Copy word for word the lines from the start of the records through the line that contains "[:: false; true; false];", both included.

========

Lemma offset_ge phi w j : nonerasing phi -> j <= offset phi w j.
Proof. by move=> phi_ne; elim: j => // j IH; rewrite offsetS; have := phi_ne (w j); lia. Qed.

Lemma offset_even phi w j : (forall c, ~~ odd (size (phi c))) -> ~~ odd (offset phi w j).
Proof.
by move=> phi_even; elim: j => // j IH; rewrite offsetS oddD (negbTE IH) (negbTE (phi_even _)).
Qed.

Lemma image_of_pref phi w z n k : image_of phi w z -> k < offset phi w n ->
  z k = nth false (morph_apply phi (pref w n)) k.
Proof.
move=> z_eq; elim: n k => [|n IH] k //; rewrite offsetS prefS morph_apply_rcons nth_cat.
case: (ltnP k (offset phi w n)) => [lt_k _ | le_k lt_k]; first exact: IH.
rewrite /offset in le_k lt_k *.
by rewrite -z_eq ?subnKC //; lia.
Qed.

Lemma double_check : all (fun u => power_free73b u ==> has_double u) (binary_words 5).
Proof. by vm_compute. Qed.

Definition short_alternating : seq (seq bool) :=
  [:: [:: false]; [:: true]; [:: false; true]; [:: true; false];
      [:: false; true; false]; [:: true; false; true];
      [:: false; true; false; true]; [:: true; false; true; false]].

Lemma mem_short_alternating s : 0 < size s -> size s <= 4 -> ~~ has_double s ->
  s \in short_alternating.
Proof.
case: s => [|a [|b [|c [|d [|e s]]]]] //= _ _;
by repeat match goal with x : bool |- _ => case: x end.
Qed.

Lemma alternating_border_check :
  all (fun s => ~~ power_free73b (last false s :: s ++ s)) short_alternating.
Proof. by vm_compute. Qed.

Definition alternating_from o (z : iword) := forall k, z (o + k.*2).+1 = ~~ z (o + k.*2).

Definition halve o (z : iword) : iword := fun k => z (o + k.*2).

Definition halve_seq o (s : seq bool) := mkseq (fun k => nth false s (o + k.*2)) (size s)./2.

Definition halve_morph o (phi : morphism) : morphism := fun c => halve_seq o (phi c).

Lemma factor_alternating o z i L : alternating_from o z ->
  factor z (o + i.*2) L.*2 = mu (factor (halve o z) i L).
Proof.
move=> alt; apply: (@eq_from_nth _ false) => [|k]; first by rewrite size_mu !size_factor.
rewrite size_factor => lt_k; rewrite nth_mu ?size_factor // !nth_factor ?ltn_half_double //.
have -> : o + i.*2 + k = odd k + (o + (i + k./2).*2).
  by rewrite doubleD; have := odd_double_half k; lia.
by rewrite /halve; case: odd; rewrite //= add1n alt.
Qed.

Lemma power_free_halve alpha o z : alternating_from o z ->
  power_free alpha z -> power_free alpha (halve o z).
Proof.
move=> alt free_z i L beta le_beta /is_power_mu.
by rewrite -factor_alternating //; apply: free_z.
Qed.

Lemma size_halve_seq o s : size (halve_seq o s) = (size s)./2.
Proof. exact: size_mkseq. Qed.

Lemma offset_halve o phi w j : (forall c, ~~ odd (size (phi c))) ->
  (offset (halve_morph o phi) w j).*2 = offset phi w j.
Proof.
move=> phi_even; elim: j => // j IH.
by rewrite !offsetS doubleD IH size_halve_seq even_halfK.
Qed.

Lemma image_of_halve o phi w z : o <= 1 -> (forall c, ~~ odd (size (phi c))) ->
  image_of phi w z -> image_of (halve_morph o phi) w (halve o z).
Proof.
move=> le_o1 phi_even z_eq j k; rewrite size_halve_seq => lt_k.
have lt_ok : o + k.*2 < size (phi (w j)).
  by rewrite -(even_halfK (phi_even (w j))); lia.
by rewrite /halve nth_mkseq // doubleD offset_halve // addnCA z_eq.
Qed.

Lemma last_halve_seq1 s : ~~ odd (size s) -> last false (halve_seq 1 s) = last false s.
Proof.
move=> even_s; case: (posnP (size s)) => [/size0nil -> // | s_gt0].
have := even_halfK even_s; rewrite -!nth_last size_halve_seq nth_mkseq; last lia.
by move=> h; congr nth; lia.
Qed.

Lemma last_halve_seq0 s : ~~ odd (size s) -> last false (halve_seq 0 s) = nth false s (size s).-2.
Proof.
move=> even_s; case: (posnP (size s)) => [/size0nil -> // | s_gt0].
have := even_halfK even_s; rewrite -!nth_last size_halve_seq nth_mkseq; last lia.
by move=> h; congr nth; lia.
Qed.

Lemma pf73_alternating z : pf73 z -> alternating_from 1 z \/ alternating_from 2 z.
Proof.
move=> free_z; have [i [i_gt0 e0 e1]] := pf73_double_after false 0 free_z.
have parity j : z j = z j.+1 -> 0 < j -> odd j = odd i.
  by move=> ej j_gt0; apply: pf73_double_parity free_z j_gt0 i_gt0 ej _; rewrite e0 e1.
have [odd_i | even_i] := boolP (odd i); [right | left] => k;
  apply/eq_negb_neq/eqP => e; have := parity _ (esym e) isT; rewrite oddD odd_double.
  by rewrite odd_i.
by rewrite (negbTE even_i).
Qed.

Section ImageOfPowerFree.

Variables (phi : morphism) (w z : iword).
Hypotheses (free_w : pf73 w) (free_z : pf73 z).
Hypotheses (z_eq : image_of phi w z) (phi_ne : nonerasing phi).

Lemma image_double j c o : w j = c -> o.+1 < size (phi c) ->
  nth false (phi c) o = nth false (phi c) o.+1 ->
  z (offset phi w j + o) = z (offset phi w j + o).+1.
Proof. by move=> <- lt_o e; rewrite -addnS !z_eq // ltnW. Qed.

Lemma offset_add_gt0 j o : 0 < j -> 0 < offset phi w j + o.
Proof. by have := offset_ge w j phi_ne; lia. Qed.

Lemma double_image_even d : has_double (phi d) -> ~~ odd (size (phi d)).
Proof.
case/has_doubleP => o lt_o e; have [j [j_gt0 e0 e1]] := pf73_double_after d 0 free_w.
have := pf73_double_parity free_z (offset_add_gt0 o j_gt0) (offset_add_gt0 o (ltn0Sn j))
  (image_double e0 lt_o e) (image_double e1 lt_o e).
by rewrite offsetS e0 addnAC [odd (_ + size _)]oddD; case: odd; case: odd.
Qed.

Lemma double_image_isolated d : has_double (phi d) -> odd (size (phi (~~ d))) ->
  forall j, 0 < j -> w j = d -> w j.+1 = ~~ d -> w j.+2 = d -> False.
Proof.
move=> dbl odd_nd j j_gt0 e0 e1 e2; have even_d := double_image_even dbl.
case/has_doubleP: dbl => o lt_o e.
have := pf73_double_parity free_z (offset_add_gt0 o j_gt0) (offset_add_gt0 o (ltn0Sn j.+1))
  (image_double e0 lt_o e) (image_double e2 lt_o e).
rewrite !offsetS e0 e1 -!addnA !oddD odd_nd (negbTE even_d).
by case: odd; case: odd.
Qed.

========

## Reply to the exercise:
Lemma offset_ge phi w j : nonerasing phi -> j <= offset phi w j.
Proof. by move=> phi_ne; elim: j => // j IH; rewrite offsetS; have := phi_ne (w j); lia. Qed.

Lemma offset_even phi w j : (forall c, ~~ odd (size (phi c))) -> ~~ odd (offset phi w j).
Proof.
by move=> phi_even; elim: j => // j IH; rewrite offsetS oddD (negbTE IH) (negbTE (phi_even _)).
Qed.

Lemma image_of_pref phi w z n k : image_of phi w z -> k < offset phi w n ->
  z k = nth false (morph_apply phi (pref w n)) k.
Proof.
move=> z_eq; elim: n k => [|n IH] k //; rewrite offsetS prefS morph_apply_rcons nth_cat.
case: (ltnP k (offset phi w n)) => [lt_k _ | le_k lt_k]; first exact: IH.
rewrite /offset in le_k lt_k *.
by rewrite -z_eq ?subnKC //; lia.
Qed.

Lemma double_check : all (fun u => power_free73b u ==> has_double u) (binary_words 5).
Proof. by vm_compute. Qed.

Definition short_alternating : seq (seq bool) :=
  [:: [:: false]; [:: true]; [:: false; true]; [:: true; false];
      [:: false; true; false]; [:: true; false; true];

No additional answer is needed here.